§ **What you will do**
Count the lines below that hold the string "Implicit". Give only that number.

§ **The input**
Lemma counting_image_le (T U : choiceType) (f : T -> U) (A : set T) :
  @counting U R (f @` A) <= @counting T R A.
Proof.
have [finA|infA] := pselect (finite_set A).
  rewrite (counting_finite (finite_image f finA)) counting_finite//.
  by rewrite lee_fin ler_nat fset_set_image// leq_imfset_card.
by rewrite [X in _ <= X]counting_infinite ?leey.
Qed.

Lemma counting_setU (T : choiceType) (A B : set T) :
  @counting T R (A `|` B) <= @counting T R A + @counting T R B.
Proof.
have counting_neqNy (C : set T) : @counting T R C != -oo.
  by rewrite gt_eqF// (lt_le_trans ltNy0 (counting_ge0 _)).
have [finA|infA] := pselect (finite_set A); last first.
  by rewrite [counting A]counting_infinite// addye ?leey ?counting_neqNy.
have [finB|infB] := pselect (finite_set B); last first.
  by rewrite [counting B]counting_infinite// addey ?leey ?counting_neqNy.
rewrite !counting_finite ?finite_setU// fset_setU// cardfsU -EFinD lee_fin.
by rewrite -natrD ler_nat leq_subr.
Qed.

Lemma counting_bigsetU (T : choiceType) (I : Type) (s : seq I) (F : I -> set T) :
  @counting T R (\big[setU/set0]_(j <- s) F j) <= \sum_(j <- s) @counting T R (F j).
Proof.
elim: s => [|j s IH]; first by rewrite !big_nil counting_finite// fset_set0.
by rewrite !big_cons; apply: le_trans (counting_setU _ _) _; exact: leeD2l.
Qed.

Lemma fsume_cst (T : choiceType) (A : set T) (c : \bar R) : finite_set A ->
  \sum_(x \in A) c = (#|` fset_set A|)%fset%:R%:E * c.
Proof.
by move=> finA; rewrite fsbig_finite// big_const_seq count_predT iter_addr adde0 mule_natl.
Qed.

Lemma esum_le_counting (T : choiceType) (A : set T) (f : T -> \bar R) (c : \bar R) :
  0 <= c -> (forall x, A x -> 0 <= f x <= c) ->
  \esum_(x in A) f x <= @counting T R A * c.
Proof.
move=> c0 fc; have [finA|infA] := pselect (finite_set A).
  rewrite esum_fset//; last by move=> x /set_mem /fc /andP[].
  rewrite counting_finite// -fsume_cst//.
  by apply: lee_fsum => // x /fc /andP[].
rewrite counting_infinite//; have [c00|c_neq0] := eqVneq c 0.
  rewrite c00 mule0 esum1// => x /fc; rewrite c00 => fx0.
  by apply/eqP; rewrite eq_le andbC.
by rewrite gt0_mulye ?leey// lt_def c_neq0.
Qed.

(* On an infinite set the weights are [+oo], so a single term already gives [+oo]. *)
Lemma powe_counting_le_esum (T : choiceType) (A : set T) (f : T -> \bar R) (g : R) :
  (0 < g)%R -> (forall x, A x -> @counting T R A `^ g <= f x) ->
  @counting T R A `^ (1 + g) <= \esum_(x in A) f x.
Proof.
move=> g0 fA; have [finA|infA] := pselect (finite_set A).
  rewrite esum_fset//; last by move=> x /set_mem /fA; apply: le_trans; exact: poweR_ge0.
  rewrite poweR1D ?counting_ge0 ?gt_eqF ?addr_gt0// [X in X * _]counting_finite//.
  by rewrite -fsume_cst//; apply: lee_fsum => // x /fA.
have [x Ax] : A !=set0 by apply/set0P/eqP => A0; apply: infA; rewrite A0.
rewrite counting_infinite// poweRyr ?gt_eqF ?addr_gt0//.
have := fA x Ax; rewrite counting_infinite// poweRyr ?gt_eqF// => /le_trans; apply.
apply: esum_ge; exists [set x]; last by rewrite fsbig_set1.
by split; [exact: finite_set1 | move=> y ->].
Qed.

End counting.

(* No measurability is needed: the integral of a nonnegative function is a
   supremum over the simple functions below it. *)
Lemma ge0_le_integralT d (T : measurableType d) (R : realType)
    (mu : {measure set T -> \bar R}) (f g : T -> \bar R) :
  (forall x, 0 <= f x)%E -> (forall x, f x <= g x)%E ->
  (\int[mu]_(x in setT) f x <= \int[mu]_(x in setT) g x)%E.
Proof.
move=> f0 fg; have g0 x : (0 <= g x)%E by exact: le_trans (f0 x) (fg x).
rewrite !ge0_integralTE//; apply: ereal_sup_le => _ [h hf <-].
by exists h => // x; exact: le_trans (hf x) (fg x).
Qed.

Lemma measurable_fun_enat d (T : measurableType d) (R : realType) (f : T -> \bar R) :
  (forall t, f t = +oo%E \/ exists n : nat, f t = n%:R%:E) ->
  (forall k, measurable (f @^-1` [set k])) -> measurable_fun setT f.
Proof.
move=> fE mf _ Y _; rewrite setTI.
have mfY k : measurable (f @^-1` (Y `&` [set k])).
  have [Yk|nYk] := pselect (Y k); first by rewrite setIidr// => y ->.
  rewrite (_ : Y `&` _ = set0) ?preimage_set0//.
  by rewrite -subset0 => y [Yy yk]; apply: nYk; rewrite -yk.
suff -> : f @^-1` Y =
    f @^-1` (Y `&` [set +oo%E]) `|` \bigcup_n f @^-1` (Y `&` [set n%:R%:E]).
  by apply: measurableU => //; exact: bigcupT_measurable.
apply/seteqP; split=> [t Yt|t [[Yt _]|[n _ [Yt _]]] //].
by case: (fE t) => [ftoo|[n ftn]]; [left | right; exists n].
Qed.

Section translation.
Context (R : realType) (d : nat).
Local Notation pt := (pt R d).
Implicit Types (x z a b : pt) (A B : set pt).

Lemma tauE x A : tau x A = [set v | A (v + x)].
Proof.
apply/seteqP; split=> [_ [y Ay <-]|v Avx]; first by rewrite /= subrK.
by exists (v + x); rewrite ?addrK.
Qed.

Lemma tauK x : cancel (tau x) (tau (- x)).
Proof. by move=> A; rewrite !tauE; apply/seteqP; split=> v /=; rewrite addrNK. Qed.

Lemma tauNK x : cancel (tau (- x)) (tau x).
Proof. by move=> A; rewrite -{1}(opprK x) tauK. Qed.

Lemma tau_setI x A B : tau x (A `&` B) = tau x A `&` tau x B.
Proof. by rewrite !tauE. Qed.

Lemma counting_tau x A : @counting _ R (tau x A) = counting A.
Proof.
apply/eqP; rewrite eq_le counting_image_le /=.
by rewrite -{1}(tauK x A) counting_image_le.
Qed.

Lemma cnt_tau x (xi : cfg R d) A : cnt (tau x xi) A = cnt xi (tau (- x) A).
Proof. by rewrite /cnt -{1}(tauNK x A) -tau_setI counting_tau. Qed.

Lemma tau_box x a b : tau x (box a b) = box (a - x) (b - x).
Proof.
rewrite tauE; apply/seteqP; split=> v /= h i; have := h i; rewrite !mxE;
  by rewrite !lerBlDr ?lerBrDr.
Qed.

Lemma tau_Lambda x L z : tau x (Lambda L z) = Lambda L (z - x).
Proof.
rewrite tauE; apply/seteqP; split=> v /= h i; have := h i; rewrite !mxE => /andP[h1 h2];
  apply/andP; split; lra.
Qed.

Lemma unit_cube_box : @unit_cube R d = box 0 (const_mx 1).
Proof. by apply/seteqP; split=> v /= h i; have := h i; rewrite !mxE. Qed.

End translation.

(* [j : grid d M] indexes the unit cube with lowest corner [(j i - M)_i], so that
   these cubes cover [Lambda M 0]. *)
Notation grid d M := {ffun 'I_d -> 'I_(M + M).+1}.

Section cubes.
Context (R : realType) (d : nat).
Local Notation pt := (pt R d).
Local Notation unit_cube := (@unit_cube R d).

Lemma unit_cube_sub_Lambda1 (x : pt) : unit_cube x -> unit_cube `<=` Lambda 1 x.
Proof.
move=> cx v cv i; have /andP[? ?] := cx i; have /andP[? ?] := cv i.
by apply/andP; split; lra.
Qed.

Lemma exists_nat_coord_bound (z : pt) (L : R) : 0 <= L ->
  exists N : nat, forall i, `|z ord0 i| + L + 1 <= N.+1%:R.
Proof.
move=> L0; exists (Num.truncn (\sum_i (`|z ord0 i| + L + 1))) => i.
apply: le_trans (ltW (truncnS_gt _)); rewrite (bigD1 i)//= lerDl.
by apply: sumr_ge0 => k _; have := normr_ge0 (z ord0 k); lra.
Qed.

Definition corner (M : nat) (j : grid d M) : pt := \row_i ((j i)%:R - M%:R).

Lemma Lambda_cover (M : nat) (v : pt) :
  Lambda M%:R 0 v -> exists j : grid d M, unit_cube (v - corner j).
Proof.
move=> hv; exists [ffun i => inord (Num.truncn (v ord0 i + M%:R))] => i.
have /andP[] := hv i; rewrite !mxE sub0r add0r => vlo vhi.
have v0 : 0 <= v ord0 i + M%:R by lra.
have trunc_lt : (Num.truncn (v ord0 i + M%:R) < (M + M).+1)%N.
  by rewrite truncn_lt_nat// -[(M + M).+1]addn1 !natrD; lra.
rewrite ffunE inordK//; have /andP[t1] := truncn_itv v0.
by rewrite -[(Num.truncn _).+1]addn1 natrD => t2; apply/andP; split; lra.
Qed.

End cubes.
Arguments corner {R d M} j.

Section palm_bounds.
Context (R : realType) (d : nat).
Local Notation pt := (pt R d).
Local Notation unit_cube := (@unit_cube R d).
Implicit Types (xi : cfg R d) (g : R).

§ **Solution below**
2